Please quote exactly the lines below from the line containing "and initial condition" to the line containing "(forall i, (i < n)%nat -> x 0 i = x0 i) /\", both lines included, and nothing else.

[[ Listed records open ]]

(* Let $A\in\mathbb{R}^{n\times n}$ be Metzler, $J\in\mathbb{R}^{n\times n}$ nonnegative, $\bar T>0$, $d_s\in\mathbb{N}$, $\varepsilon>0$ and $\epsilon>0$. Assume there exist polynomial vectors $\zeta,\gamma:\mathbb{R}\to\mathbb{R}^n$ of degree at most $2d_s$ such that: (i) $\gamma$ is CSOS; (ii) $\zeta(\bar T)-\epsilon\mathbf{1}_n\ge0$; (iii) $-\zeta(\tau)^\top A+\dot\zeta(\tau)^\top-\tau(\bar T-\tau)\gamma(\tau)^\top$ is CSOS (as a polynomial row vector in $\tau$); (iv) $-\zeta(\bar T)^\top J+\zeta(0)^\top-\varepsilon\mathbf{1}_n^\top\ge0$. Then $\zeta(\bar T)\in\mathbb{R}^n_{>0}$, $\zeta(\tau)^\top A-\dot\zeta(\tau)^\top\le0$ for all $\tau\in[0,\bar T]$, $\zeta(\bar T)^\top J-\zeta(0)^\top+\varepsilon\mathbf{1}_n^\top\le0$, and the impulsive system $\dot x=Ax$ ($t\ne t_k$), $x(t_k^+)=Jx(t_k)$ is asymptotically stable under constant dwell-time $\bar T$ (i.e. $t_{k+1}-t_k=\bar T$ for all $k$).
   Context: A univariate polynomial is a sum of squares (SOS) if it equals $\sum_i q_i(\tau)^2$ for some real polynomials $q_i$; a polynomial vector is componentwise SOS (CSOS) if each component is SOS. A matrix is Metzler if its off-diagonal entries are nonnegative and nonnegative if all its entries are. Vector inequalities are componentwise; $\mathbf{1}_n$ is the vector of ones. In the impulsive system $x(t^+)=\lim_{s\downarrow t}x(s)$, and asymptotic stability means global asymptotic stability of the zero solution. *)

From Stdlib Require Import Reals Lra List.
Open Scope R_scope.

(* Univariate real polynomials as coefficient lists, lowest degree first. *)
Definition rpoly : Type := list R.

Definition peval (p : rpoly) (x : R) : R :=
  fold_right (fun a acc => a + x * acc) 0 p.

Fixpoint pderiv_aux (k : nat) (p : rpoly) : rpoly :=
  match p with
  | nil => nil
  | a :: p' => (INR k * a) :: pderiv_aux (S k) p'
  end.
Definition pderiv (p : rpoly) : rpoly :=
  match p with nil => nil | _ :: p' => pderiv_aux 1 p' end.

Definition deg_le (p : rpoly) (d : nat) : Prop := (length p <= S d)%nat.

Fixpoint rsum (n : nat) (f : nat -> R) : R :=
  match n with O => 0 | S m => rsum m f + f m end.

Definition is_SOS (f : R -> R) : Prop :=
  exists qs : list rpoly, forall t, f t = fold_right (fun q acc => (peval q t)^2 + acc) 0 qs.

(* vectors of R^n and n x n matrices, indices < n *)
Definition vec := nat -> R.
Definition mat := nat -> nat -> R.

Definition Metzler (n : nat) (A : mat) : Prop :=
  forall i j, (i < n)%nat -> (j < n)%nat -> i <> j -> 0 <= A i j.
Definition nonneg_mat (n : nat) (J : mat) : Prop :=
  forall i j, (i < n)%nat -> (j < n)%nat -> 0 <= J i j.

Definition mat_vec (n : nat) (M : mat) (v : vec) : vec :=
  fun i => rsum n (fun j => M i j * v j).

Definition norm1 (n : nat) (v : vec) : R := rsum n (fun i => Rabs (v i)).

(* y solves  dy/dt = A y  (on all of R; linear ODE solutions are global) *)
Definition flow_sol (n : nat) (A : mat) (y : R -> vec) : Prop :=
  forall i t, (i < n)%nat ->
    derivable_pt_lim (fun s => y s i) t (mat_vec n A (y t) i).

(* x : [0,oo) -> R^n is a solution of the impulsive system
     xdot = A x  (t <> t_k),   x(t_k^+) = J x(t_k),
   with impulse times t_k = k*T (k >= 1), i.e. t_{k+1} - t_k = T, t_0 = 0,
   and initial condition x(0) = x0.  On each (t_k, t_{k+1}] the trajectory is
   the flow of A started (at t_k) from x0 (k = 0) or from J x(t_k) (k >= 1);
   in particular x is left-continuous and x(t_k^+) = J x(t_k). *)
Definition impulsive_sol (n : nat) (A J : mat) (T : R) (x0 : vec) (x : R -> vec) : Prop :=
  (forall i, (i < n)%nat -> x 0 i = x0 i) /\
  forall k : nat, exists y : R -> vec,
    flow_sol n A y /\
    (forall i, (i < n)%nat ->
       y (INR k * T) i = (match k with O => x0 i | S _ => mat_vec n J (x (INR k * T)) i end)) /\
    (forall t i, (i < n)%nat -> INR k * T < t <= INR (S k) * T -> x t i = y t i).

Definition impulsive_GAS (n : nat) (A J : mat) (T : R) : Prop :=
  (forall eps, 0 < eps -> exists delta, 0 < delta /\
     forall x0 x, impulsive_sol n A J T x0 x -> norm1 n x0 < delta ->
       forall t, 0 <= t -> norm1 n (x t) < eps) /\
  (forall x0 x, impulsive_sol n A J T x0 x ->
     forall eps, 0 < eps -> exists T0, forall t, T0 <= t -> norm1 n (x t) < eps).

From Stdlib Require Import Reals List Lra Lia Classical.
Open Scope R_scope.

(* The claims on [zeta] are immediate: SOS polynomials are nonnegative and
   [tau (Tbar - tau) gamma(tau)] is nonnegative on [[0, Tbar]].  For stability,
   [V(t, x) = zeta(Tbar - (t - t_k))^T |x|] is a copositive Lyapunov function on each dwell
   interval [(t_k, t_k + Tbar]].  First, [zeta] stays positive on [[0, Tbar]], since
   [zeta(0) > 0] and, as long as [zeta >= 0], the Metzler structure gives
   [zeta_i' >= A_ii zeta_i].  Then [V] is nonincreasing along the flow, because
   [d|x_i|/dt <= sum_j A_ij |x_j|] for a Metzler [A]; and at an impulse the nonnegativity of
   [J] and the margin [veps] give [V(t_(k+1)^+) <= q V(t_k^+)] with [q = Z / (Z + veps) < 1],
   where [Z] bounds [zeta] on [[0, Tbar]].  So [|x(t)|] decays geometrically. *)

Lemma rsum_ext n f g : (forall i, (i < n)%nat -> f i = g i) -> rsum n f = rsum n g.
Proof.
  revert f g; induction n as [|n IH]; intros f g H; simpl; auto.
  rewrite (IH f g) by (intros; apply H; lia). rewrite (H n) by lia. reflexivity.
Qed.

Lemma rsum_le n f g : (forall i, (i < n)%nat -> f i <= g i) -> rsum n f <= rsum n g.
Proof.
  revert f g; induction n as [|n IH]; intros f g H; simpl; [lra|].
  assert (rsum n f <= rsum n g) by (apply IH; intros; apply H; lia).
  assert (f n <= g n) by (apply H; lia). lra.
Qed.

[[ Listed records closed ]]

**Solved exercise:**
   and initial condition x(0) = x0.  On each (t_k, t_{k+1}] the trajectory is
   the flow of A started (at t_k) from x0 (k = 0) or from J x(t_k) (k >= 1);
   in particular x is left-continuous and x(t_k^+) = J x(t_k). *)
Definition impulsive_sol (n : nat) (A J : mat) (T : R) (x0 : vec) (x : R -> vec) : Prop :=
  (forall i, (i < n)%nat -> x 0 i = x0 i) /\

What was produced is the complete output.